40-60% of all women and men suffer from spider veins
Here you find detailed information about spider veins and their symptoms
Development of spider veins & underlying causes
The worst thing about spider veins is that almost nobody is immune to them. Fat or thin, athletic or not, spider veins can affect everybody.
Spider veins may be the result of a hereditary weakness of connective tissue or caused by vein insufficiency with congestion (pooling) of blood in the vein system. Over time, the small veins lose their original elasticity and become worn out. Dilated veins can then be seen as bluish or reddish-purple spider veins.
Advancing age, natural hormonal changes (pregnancy and the menopause), hormone-based medicines such as the Pill, lack of exercise, standing for long periods at work, overweight, and smoking may all encourage spider veins to develop or make the problem worse.
Most spider veins have a feeder vein – a larger vein, lying deeper in the tissue, which supplies them with blood. It is important to include this feeder vein in the treatment, otherwise blood will continue to flow into the spider veins and give poor therapeutic results.

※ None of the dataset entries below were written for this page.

Theorem corollary3p2 (R : realType) (n m : nat)
  (f : 'cV[R]_n -> R) (c : 'cV[R]_n -> 'cV[R]_m)
  (g : 'cV[R]_n -> 'cV[R]_n) (J : 'cV[R]_n -> 'M[R]_(m, n))
  (ft : 'cV[R]_n -> R) (ct : 'cV[R]_n -> 'cV[R]_m)
  (gt : 'cV[R]_n -> 'cV[R]_n) (Jt : 'cV[R]_n -> 'M[R]_(m, n))
  (eps_f eps_c eps_g eps_J gamma b_u tau theta1 : R)
  (x : nat -> 'cV[R]_n) (beta pi : nat -> R) (d : nat -> 'cV[R]_n) :
  (0 < m)%N -> (m < n)%N ->
  (* g = grad f, J = Jacobian of c (directional derivatives) *)
  (forall z v : 'cV[R]_n,
      is_derive (0 : R) (1 : R) (fun t : R => f (z + t *: v)) (dotv (g z) v)) ->
  (forall (z v : 'cV[R]_n) (i : 'I_m),
      is_derive (0 : R) (1 : R) (fun t : R => c (z + t *: v) i 0) ((J z *m v) i 0)) ->
  (* noise bounds *)
  (forall z, `|ft z - f z| <= eps_f) ->
  (forall z, norm1 (ct z - c z) <= eps_c) ->
  (forall z, norm2 (gt z - g z) <= eps_g) ->
  (forall z, opnorm12 (Jt z - J z) <= eps_J) ->
  (* singular value bound *)
  eps_J < gamma ->
  (forall k, gamma <= sigma_min (J (x k))) ->
  (* step parameters *)
  (forall k, 0 < beta k <= b_u) ->
  (forall k, ct (x k) + Jt (x k) *m d k = 0 /\
     forall dd : 'cV[R]_n, ct (x k) + Jt (x k) *m dd = 0 ->
       2^-1 * beta k * norm2 (d k) ^+ 2 + dotv (gt (x k)) (d k)
       <= 2^-1 * beta k * norm2 dd ^+ 2 + dotv (gt (x k)) dd) ->
  0 < tau < 1 ->
  (forall k, (1 - tau)^-1 *
      norminf (invmx (Jt (x k) *m (Jt (x k))^T) *m Jt (x k) *m gt (x k)) <= pi k) ->
  let delta := (gamma - eps_J)^-1 in
  let eta := gamma^-1 in
  let psi := fun (p : R) (z : 'cV[R]_n) =>
    b_u^-1 * norm2 (projP (J z) *m g z) ^+ 2 + p * tau * norm1 (c z) in
  let E := fun (z : 'cV[R]_n) (b p : R) =>
    b^-1 * (norm2 (g z) ^+ 2 * eta * eps_J + eps_g * norm2 (g z))
    + eps_g * delta * (norm1 (c z) + eps_c)
    + p * ((2 - tau) * eps_c
           + eps_J * (delta * (norm1 (c z) + eps_c)
                      + b^-1 * (norm2 (projP (J z) *m g z)
                                + norm2 (g z) * eta * eps_J + eps_g))) in
  let ell := fun k : nat =>
    dotv (g (x k)) (d k) + pi k * norm1 (c (x k) + J (x k) *m d k)
    - pi k * norm1 (c (x k)) in
  0 <= theta1 < 1 ->
  forall k : nat,
    E (x k) (beta k) (pi k) / (1 - theta1) <= psi (pi k) (x k) ->
    ell k <= - theta1 * ((beta k)^-1 * dotv (g (x k)) (projP (J (x k)) *m g (x k))
                         + tau * pi k * norm1 (c (x k)))
    /\ - theta1 * ((beta k)^-1 * dotv (g (x k)) (projP (J (x k)) *m g (x k))
                   + tau * pi k * norm1 (c (x k)))
       <= - theta1 * psi (pi k) (x k).
Proof.
move=> m_gt0 m_lt_n _ _ _ c_err g_err J_err eJ_lt_gamma sigma_ge beta_bnd qp tau_bnd pi_ge.
move=> delta eta psi E ell /andP[theta_ge0 theta_lt1] k E_le.
rewrite /ell /psi /E /delta /eta in E_le *.
have eJ_ge0 : 0 <= eps_J.
  exact: le_trans (opnorm12_ge0 _ (ltn_trans m_gt0 m_lt_n)) (J_err (x k)).
have gamma_gt0 : 0 < gamma := le_lt_trans eJ_ge0 eJ_lt_gamma.
have J_ge := norm2_trmx_mulmx_ge m_gt0 (ltW gamma_gt0) (sigma_ge k).
have dJ_le v : norm1 ((Jt (x k) - J (x k)) *m v) <= eps_J * norm2 v.
  by apply: le_trans (norm1_mulmx_le _ v) _; rewrite ler_wpM2r ?norm2_ge0.
have /andP[beta_gt0 beta_le] := beta_bnd k.
have [d_feas d_opt] := qp k.
have /andP[_ tau_lt1] := tau_bnd.
have := model_reduction_le eJ_ge0 eJ_lt_gamma J_ge dJ_le (c_err _) (g_err _) beta_gt0
  d_feas d_opt tau_lt1 (pi_ge k).
have theta1_gt0 : 0 < 1 - theta1 by rewrite subr_gt0.
move: E_le; rewrite ler_pdivrMr // (dotv_projP _ (mulmx_tr_unit gamma_gt0 J_ge)).
set PG2 := norm2 (projP (J (x k)) *m g (x k)) ^+ 2; set C := norm1 (c (x k)).
have psi_le : b_u^-1 * PG2 + pi k * tau * C <= (beta k)^-1 * PG2 + tau * pi k * C.
  rewrite [pi k * tau]mulrC lerD2r ler_wpM2r ?sqr_ge0 //.
  by rewrite lef_pV2 ?posrE // (lt_le_trans beta_gt0 beta_le).
have := ler_wpM2l (ltW theta1_gt0) psi_le; have := ler_wpM2l theta_ge0 psi_le.
by split; lra.
Qed.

Several studies have shown that spider veins have valves just like those in the larger varicose veins. They are, of course, extremely small and are therefore referred to as microvalves. Just as in the larger veins, leaky valves may play a decisive role in the development of spider veins. However, experts are not entirely in agreement on how spider veins really develop.
As spider veins often do not cause any symptoms and have no effects on the blood flow returning to the heart, small varicose veins are usually regarded as a cosmetic problem that does not need to be treated on medical grounds. Which means that you will probably have to meet the costs of dealing with these bothersome spider veins yourself.
In a few cases, spider veins and reticular veins may be the manifestation of advanced varicose disease. Very pronounced spider veins, in particular, may be caused by an underlying disease of the side branch or trunk veins. According to the Bonn Vein Study, 60% of adults have only spider veins and reticular veins, while about 30% have serious varicose disease in need of treatment. Almost all patients with disease of the trunk veins also have spider veins.
A thorough diagnostic examination of the leg veins is therefore important, so that a deeper-lying problem is not overlooked.